Further, although Liberty Mut. Ins. Co. v. Wheelwright Trucking Co. Inc., 851 So. 2d 466 (Ala. 2002), Commercial Union Ins. Co. v. Sepco Corp., 918 F.2d 920 (11th Cir. 1990), and other cases cited by Munich do establish that a pro rata apportionment of costs may be appropriate in certain circumstances, and particularly where damage occurred over the course of multiple policy periods, these cases do not support the conclusion that this court has the authority to fashion a pro rata scheme that would resolve the factual disputes presented here.

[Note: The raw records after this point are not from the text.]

Section PartialIsometry.
Variables (n d : nat) (A : 'M[C]_n) (B : 'M[C]_(d, n)).
Hypothesis BB : adjmx B *m B = 1%:M - adjmx A *m A.

Lemma Hmx0_Amat :
  Hmx (Amat A B) 0 = 2%:R^-1 *: block_mx 0 B (adjmx B) (A + adjmx A).
Proof.
by rewrite Hmx0 /Amat adjmx_block !adjmx0 add_block_mx !addr0 add0r.
Qed.

Lemma det_Hmx0_Amat (l : C) : l != 0 ->
  let s := (2%:R * l)^-1 in
  \det (l%:M - Hmx (Amat A B) 0) =
  l ^+ (d + n) *
  \det (1%:M - s *: A - s *: adjmx A - (s * s) *: (1%:M - adjmx A *m A)).
Proof.
move=> l_neq0 s.
have two_neq0 : 2%:R != 0 :> C by rewrite pnatr_eq0.
have ls : l * s = 2%:R^-1 by rewrite /s invfM mulrCA mulfV ?mulr1.
have lss : l * (s * s) = 2%:R^-1 * s by rewrite mulrA ls.
set Q := 1%:M - _ - _ - _.
have -> : l%:M - Hmx (Amat A B) 0 =
    block_mx 1 0 (- s *: adjmx B) 1 *m block_mx l%:M (- 2%:R^-1 *: B) 0 (l *: Q).
  rewrite Hmx0_Amat mulmx_block (scalar_mx_block d n) scale_block_mx.
  rewrite opp_block_mx add_block_mx !mul1mx !mul0mx !addr0 scaler0 subr0 sub0r.
  congr block_mx; first by rewrite scaleNr.
    by rewrite sub0r mul_mx_scalar scalerA mulrN ls scaleNr.
  rewrite -scalemxAl -scalemxAr BB scalerA mulrNN (mulrC s) /Q.
  rewrite !scalerBr !scalerA ls lss scalemx1.
  by rewrite [RHS]addrC subrK scalemx1 scalerDr opprD addrA.
by rewrite det_mulmx det_lblock det_ublock !det1 !mul1r det_scalar detZ mulrA -exprD.
Qed.

End PartialIsometry.

End ComplexMatrices.

Section TheMatrix.
Variable R : realType.
Local Notation C := (complex R).
Local Notation Cm := (Cmat R).

Definition C_entry (i j : nat) : C :=
  match i, j with
  | 0, 1 => - (1 + 'i) / 4%:R
  | 0, 2 => - 4%:R^-1
  | 1, 2 => 4%:R^-1
  | 1, 3 => (-1 + 'i) / 4%:R
  | 2, 3 => 4%:R^-1
  | _, _ => 0
  end.

Definition Cadj_entry (i j : nat) : C :=
  match i, j with
  | 1, 0 => - (1 - 'i) / 4%:R
  | 2, 0 => - 4%:R^-1
  | 2, 1 => 4%:R^-1
  | 3, 1 => (-1 - 'i) / 4%:R
  | 3, 2 => 4%:R^-1
  | _, _ => 0
  end.

Definition Cdefect_entry (i j : nat) : C :=
  match i, j with
  | 0, 0 => 1
  | 1, 1 => 7%:R / 8%:R
  | 1, 2 => - (1 - 'i) / 16%:R
  | 2, 1 => - (1 + 'i) / 16%:R
  | 2, 2 => 7%:R / 8%:R
  | 2, 3 => (1 - 'i) / 16%:R
  | 3, 2 => (1 + 'i) / 16%:R
  | 3, 3 => 13%:R / 16%:R
  | _, _ => 0
  end.

(* Specialisations that [ring]/[field] and [rewrite] can use: the former
   treat ['i] as an atom, the latter meets [Num.conj] as an rmorphism. *)
Lemma sqrCi_complex : 'i ^+ 2 = -1 :> C. Proof. exact: sqrCi. Qed.

Lemma conjCi_rmorph : (Num.conj : {rmorphism C -> C}) 'i = - 'i.
Proof. exact: conjCi. Qed.

Lemma Cmat_entries : Cm = \matrix_(i < 4, j < 4) C_entry i j.
Proof.
have c11 : Complex 1 1 = 1 + 'i :> C.
  by apply/eqP; rewrite eq_complex /= ?addr0 ?add0r !eqxx.
have cm11 : Complex (-1) 1 = -1 + 'i :> C.
  by apply/eqP; rewrite eq_complex /= ?oppr0 ?addr0 ?add0r !eqxx.
apply/matrixP => -[[|[|[|[|i]]]] lti] -[[|[|[|[|j]]]] ltj] //; rewrite !mxE /=.
all: by rewrite ?c11 ?cm11.
Qed.

Lemma adjmx_Cmat : adjmx Cm = \matrix_(i < 4, j < 4) Cadj_entry i j.
Proof.
rewrite /adjmx Cmat_entries.
apply/matrixP => -[[|[|[|[|i]]]] lti] -[[|[|[|[|j]]]] ltj] //; rewrite !mxE.
all: cbn [C_entry Cadj_entry nat_of_ord].
all: rewrite ?conjC0 ?rmorphN ?fmorph_div ?fmorphV ?rmorph_nat.
all: by rewrite ?rmorphN ?rmorphD ?rmorphN ?rmorph1 ?conjCi_rmorph.
Qed.

Lemma defect_Cmat :
  1%:M - adjmx Cm *m Cm = \matrix_(i < 4, j < 4) Cdefect_entry i j.
Proof.
rewrite adjmx_Cmat Cmat_entries.
apply/matrixP => -[[|[|[|[|i]]]] lti] -[[|[|[|[|j]]]] ltj] //.
all: rewrite !mxE !big_ord_recl big_ord0 !mxE /=.
all: by field: sqrCi_complex.
Qed.

Lemma det_pencil_Cmat (l a b : C) :
  \det (l%:M - a *: Cm - b *: adjmx Cm) =
  l ^+ 4 - 7%:R / 16%:R * (a * b) * l ^+ 2 + 32%:R^-1 * (a * b) ^+ 2.
Proof.
pose f i j := (i == j :> nat)%:R * l - a * C_entry i j - b * Cadj_entry i j.
rewrite (_ : _ - _ - _ = \matrix_(i < 4, j < 4) f i j); last first.
  by apply/matrixP => i j; rewrite adjmx_Cmat Cmat_entries !mxE /f mulr_natl.
rewrite det_mx4 /f /=.
by field: sqrCi_complex.
Qed.

Definition qC (a b : C) : C :=
  1 - 4%:R * (a * b) + 89%:R / 16%:R * (a * b) ^+ 2 - 201%:R / 64%:R * (a * b) ^+ 3
  + 1247%:R / 2048%:R * (a * b) ^+ 4
  + (a * b) ^+ 3 * ((1 + 'i) * a + (1 - 'i) * b) / 1024%:R.

Lemma det_Q_Cmat (a b : C) :
  \det (1%:M - a *: Cm - b *: adjmx Cm - (a * b) *: (1%:M - adjmx Cm *m Cm))
  = qC a b.
Proof.
pose f i j := (i == j :> nat)%:R - a * C_entry i j - b * Cadj_entry i j
              - a * b * Cdefect_entry i j.
rewrite (_ : _ - _ - _ - _ = \matrix_(i < 4, j < 4) f i j); last first.
  by apply/matrixP => i j; rewrite defect_Cmat adjmx_Cmat Cmat_entries !mxE /f.
rewrite det_mx4 /f /= /qC.
by field: sqrCi_complex.
Qed.

Lemma Cmat_nilpotent : Cm ^+ 4 = 0.
Proof.
apply: strictly_upper_nilpotent; rewrite Cmat_entries.
by move=> -[[|[|[|[|i]]]] ?] -[[|[|[|[|j]]]] ?] //= _; rewrite mxE.
Qed.

Lemma det_Hmx_Cmat t (l : C) :
  \det (l%:M - Hmx Cm t) = l ^+ 4 - 7%:R / 64%:R * l ^+ 2 + 512%:R^-1.
Proof.
rewrite HmxE opprD addrA det_pencil_Cmat.
have -> : expi (- t) / 2%:R * (expi t / 2%:R) = (2%:R * 2%:R)^-1 :> C.
  by rewrite mulrACA expiNM mul1r invfM.
by field.
Qed.

Lemma Cmat_circularity : circularity Cm.
Proof.
by apply: circularityP => t1 t2 l; rewrite [LHS]det_Hmx_Cmat [RHS]det_Hmx_Cmat.
Qed.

In Wheelwright Trucking, the state court, unlike this court, was not confronted with underlying factual disputes. The state court did not resolve facts on summary judgment as Munich is asking this court to do.

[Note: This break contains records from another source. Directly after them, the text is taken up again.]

Lemma partial_failing_mass_le1 n :
  (\sum_(0 <= i < n) \int[pi]_th k th (failing_cylinder i) <= 1)%E.
Proof.
apply: (@le_trans _ _ (\sum_(0 <= i < n)
    if failing_index i then (weight (q i))%:E else 0)%E).
  by apply: lee_sum => i _; exact: failing_mass_le_weight.
rewrite -big_mkcond -big_filter sumEFin lee_fin.
rewrite -(big_map q xpredT (fun p => weight p)).
apply: kraft_inequality; first exact: ltnW.
- rewrite map_inj_in_uniq ?filter_uniq ?iota_uniq // => i j.
  rewrite !mem_filter => /andP[/failure_witness_output[x [ix Uqi]] _].
  move=> /andP[/failure_witness_output[y [iy Uqj]] _] qij.
  move: Uqj; rewrite -qij Uqi => -[xy].
  by rewrite -(@pickle_invK (seq X) i) -(@pickle_invK (seq X) j) ix iy xy.
- move=> _ _ /mapP[i + ->] /mapP[j + ->]; rewrite !mem_filter.
  move=> /andP[/failure_witness_output[x [_ Uqi]] _].
  move=> /andP[/failure_witness_output[y [_ Uqj]] _].
  by apply: U_prefix_free; rewrite ?Uqi ?Uqj.
Qed.

End FailurePrograms.

Lemma sum_failing_mass_le1 :
  (\sum_(i <oo) \int[pi]_th k th (failing_cylinder i) <= 1)%E.
Proof.
have [q q_witness] := failure_witnesses.
apply: lime_le; first by apply: is_cvg_nneseries => i _ _; exact: integral_ge0.
by apply: nearW; exact: partial_failing_mass_le1 q_witness.
Qed.

Lemma integrable_failing_mass_series :
  pi.-integrable setT (fun th => \sum_(i <oo) k th (failing_cylinder i))%E.
Proof.
have mk i : measurable_fun setT (fun th => k th (failing_cylinder i)).
  exact: measurable_kernel k _ (measurable_failing_cylinder i).
apply/integrableP; split.
  by apply: ge0_emeasurable_sum => // i th _ _; exact: measure_ge0.
under eq_integral do rewrite gee0_abs ?nneseries_ge0 //.
rewrite integral_nneseries //; exact: le_lt_trans sum_failing_mass_le1 (ltry _).
Qed.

Meanwhile, a comparison between the instant case and Sepco is inapposite. There the state trial court "administratively" fashioned a "pro rata scheme," but, in discussing--and, in particular, reviewing the trial court's application of--that scheme, the Alabama Supreme Court carefully noted that, "This administrative arrangement is not challenged on this appeal." 918 F.2d at 922. Munich's contention that this court has the authority to fashion and apply such a scheme finds no support in the Alabama Supreme Court's decision in Sepco. Moreover, Sepco involved factually and legally complex asbestos litigation, with insurance policy language (including definitions of such terms as "occurrence" and "injury") and court-recognized theories (such as "injurious exposure") not applicable here. The Sepco case and the instant case are apples-to-oranges in many crucial respects. In short, the Sepco case in no way supports some broad notion that this court has some independent authority to do what the parties should have done when they drafted their treaties: develop and apply a scheme to address the circumstances presented here. Moreover, even if this court had such authority, Sepco does not support the conclusion that this court should develop and apply a pro rata solution in a way such that Munich should prevail as a matter of law based on the facts presented.

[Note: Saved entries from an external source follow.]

Lemma lc_sym_coefz_qint l : lc_on (coefz (qint l.+1)) l /\ sym_on (coefz (qint l.+1)) l.
Proof.
split; last by move=> z; rewrite !coefz_qint; do 2 case: ifP => ? //; lia.
split=> z; rewrite ?coefz_qint; first by case: ifP.
  by case: ifP => ?; lia.
by do 3 case: ifP => ? //=; lia.
Qed.

Lemma lc_sym_coefz_qintX l m :
  lc_on (coefz (qint l.+1 ^+ m)) (m * l) /\ sym_on (coefz (qint l.+1 ^+ m)) (m * l).
Proof.
elim: m => [|m [lcQ symQ]]; first by rewrite expr0 mul0n; exact: lc_sym_coefz1.
have [lc1 sym1] := lc_sym_coefz_qint l.
rewrite exprSr mulSnr; split; [exact: lc_on_coefzM | exact: sym_on_coefzM].
Qed.

Lemma prodXn (I : finType) (w : I -> nat) :
  \prod_(i : I) ('X^(w i) : {poly int}) = 'X^(\sum_(i : I) w i).
Proof. by rewrite (big_morph _ (exprD 'X) (expr0 'X)). Qed.

Lemma sum_color_weight l (b : bool) : (0 < l)%N ->
  \sum_(c < l) ('X^(l * ((c == 0 :> nat) && b) + c) : {poly int}) = qint l * 'X^b.
Proof.
case: l => // l _; rewrite qint_sum.
case: b => /=; last by rewrite mulr1; apply: eq_bigr => i _; rewrite andbF muln0.
rewrite big_ord_recl /= muln1 addn0 mulr_suml big_ord_recr /= -exprSr addrC.
by congr (_ + _); apply: eq_bigr => i _; rewrite /bump /= muln0 add0n add1n -exprSr.
Qed.

Lemma cexc_sum l n (s : 'S_n) (e : {ffun 'I_n -> 'I_l}) :
  cexc (s, e) = (\sum_(i < n) ((e i == 0 :> nat) && (i < s i)%N))%N.
Proof.
rewrite /cexc -sum1_card big_mkcond /=; apply: eq_bigr => i _.
by rewrite inE; case: ifP.
Qed.

Lemma colEulerian_qint l n : (0 < l)%N -> colEulerian l n = qint l ^+ n * eulerian n.
Proof.
move=> l_gt0.
have -> : colEulerian l n =
    \sum_(s : 'S_n) \sum_(e : {ffun 'I_n -> 'I_l}) 'X^(fexc (s, e)).
  by rewrite /colEulerian pair_bigA; apply: eq_bigr => -[].
rewrite /eulerian mulr_sumr; apply: eq_bigr => s _.
pose w (i : 'I_n) (c : 'I_l) : {poly int} := 'X^(l * ((c == 0 :> nat) && (i < s i)%N) + c).
have -> : \sum_(e : {ffun 'I_n -> 'I_l}) ('X^(fexc (s, e)) : {poly int}) =
    \sum_(e : {ffun 'I_n -> 'I_l}) \prod_(i < n) w i (e i).
  by apply: eq_bigr => e _; rewrite prodXn /fexc cexc_sum big_split /= big_distrr.
rewrite -bigA_distr_bigA (eq_bigr (fun i : 'I_n => qint l * 'X^(i < s i)%N)).
  by rewrite big_split /= prodr_const card_ord prodXn -exc_sum.
by move=> i _; rewrite sum_color_weight.
Qed.

Section CoefficientShape.
Variables (p : {poly int}) (S : nat).
Hypotheses (lcp : lc_on (coefz p) S) (symp : sym_on (coefz p) S).

Lemma coef_lc_on_gt0 k : (k <= S)%N -> 0 < p`_k.
Proof. by move=> kS; apply: (lc_on_gt0 lcp (z := k)); lia. Qed.

Lemma coef_lc_on_log_concave k : p`_k * p`_k.+2 <= p`_k.+1 ^+ 2.
Proof.
have [_ _ lc] := lcp; have := lc k.
have -> : k%:Z + 2 = k.+2%:Z by lia.
by have -> : k%:Z + 1 = k.+1%:Z by lia.
Qed.

Lemma coef_sym_on k : (k <= S)%N -> p`_k = p`_(S - k).
Proof.
move=> kS; rewrite -[p`_k]/(coefz p k) symp.
by have -> : S%:Z - k%:Z = (S - k)%N%:Z by lia.
Qed.

Lemma coef_lc_on_descent j :
  (j.+2 <= S)%N -> p`_j.+1 < p`_j -> p`_j.+2 < p`_j.+1.
Proof.
move=> jS desc; rewrite ltNge; apply/negP => asc.
have gt0_j := coef_lc_on_gt0 (ltnW (ltnW jS)).
have gt0_j1 := coef_lc_on_gt0 (ltnW jS).
have := coef_lc_on_log_concave j; rewrite expr2 leNgt => /negP; apply.
by rewrite (lt_le_trans (y := p`_j * p`_j.+1)) ?ltr_pM2r ?ler_pM2l.
Qed.

Lemma coef_lc_on_le_succ k : (k.*2.+2 <= S)%N -> p`_k <= p`_k.+1.
Proof.
move=> kS; rewrite leNgt; apply/negP => desc.
have step m : (k + m.+1 <= S)%N -> p`_(k + m.+1) < p`_(k + m).
  elim: m => [|m IH] mS; first by rewrite addn1 addn0.
  by rewrite !addnS coef_lc_on_descent -?addnS ?IH //; lia.
have below m : (k + m.+1 <= S)%N -> p`_(k + m.+1) < p`_k.
  elim: m => [|m IH] mS; first by have := step 0%N mS; rewrite addn0.
  exact: lt_trans (step m.+1 mS) (IH ltac:(lia)).
have mid : (k + (S - k - k).-1.+1)%N = (S - k)%N by lia.
have := below (S - k - k).-1 ltac:(lia).
by rewrite mid -coef_sym_on ?ltxx //; lia.
Qed.

Lemma lowdeg_lc_on : lowdeg p = 0%N.
Proof.
have := coef_lc_on_gt0 (leq0n S); rewrite /lowdeg lt0r => /andP[p0 _].
by move: p0; case: (polyseq p) => //= c r ->.
Qed.

Lemma lc_on_shape : t_symmetric p /\ log_concave p /\ t_unimodal p.
Proof.
have p_neq0 : p != 0 by rewrite -size_poly_gt0 (size_lc_on lcp).
rewrite /t_symmetric /log_concave /t_unimodal lowdeg_lc_on (size_lc_on lcp) /=.
split; first by split=> // k; rewrite subn0 add0n; apply: coef_sym_on.
split; first split=> // k k_gt0 kS.
  by have := coef_lc_on_log_concave k.-1; rewrite prednK.
split=> //; split=> [k _ k_lt|k k_ge kS].
  by apply: coef_lc_on_le_succ; move: k_lt; rewrite add0n geq_half_double -!addnn; lia.
have sym_k1 : (S - k.+1).+1 = (S - k)%N by lia.
rewrite coef_sym_on // (coef_sym_on (k := k)) ?(ltnW kS) // -sym_k1.
by apply: coef_lc_on_le_succ; move: k_ge; rewrite add0n uphalfE leq_half_double -!addnn; lia.
Qed.

End CoefficientShape.

Theorem proposition4p8 (l n : nat) :
  (1 <= l)%N -> (1 <= n)%N ->
  t_symmetric (colEulerian l n) /\ log_concave (colEulerian l n) /\
  t_unimodal (colEulerian l n).
Proof.
case: l => // l; case: n => // n _ _.
have [lcQ symQ] := lc_sym_coefz_qintX l n.+1.
have [lcE symE] := lc_sym_coefz_eulerian n.
rewrite colEulerian_qint //; apply: (@lc_on_shape _ (n.+1 * l + n)).
  exact: lc_on_coefzM.
exact: sym_on_coefzM.
Qed.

Viewing the admissible evidence in the light most favorable to AMIC, the court holds that the underlying complaint and settlement between the Hanceville Board and the Mud Creek plaintiffs, both vaguely written, could be reasonably interpreted as focusing on the 2008 sewage flood; or on the sewage flood and all subsequent damage; or on all of the damage the Mud Creek plaintiffs described in their depositions, beginning as early as 2005. The facts are in dispute. In turn, whether one or two or several occurrences, and thus whether one or two or several $ 350,000 retentions, are in play is in dispute.
Because whether the settlement of the Mud Creek lawsuit addressed only damages occurring in 2008 is in dispute and because the treaty between AMIC and Munich contains no clauses with regard to the settlement allocation process, the court finds that there is a genuine dispute of material fact in the Hanceville claim. As a result, summary judgment is not appropriate. Munich's motion for summary judgment should be denied, and this case should proceed to jury trial on the Hanceville claim.
***
However, because there are other claims and counterclaims between the parties to be resolved, the court will not yet enter a summary-judgment order with regard to AMIC's Hanceville claim. Instead, after the other claims and counterclaims are resolved, the court will meet with counsel for the parties to discuss what the next steps should be on the Hanceville claim.
DONE, this the 26th day of April, 2023.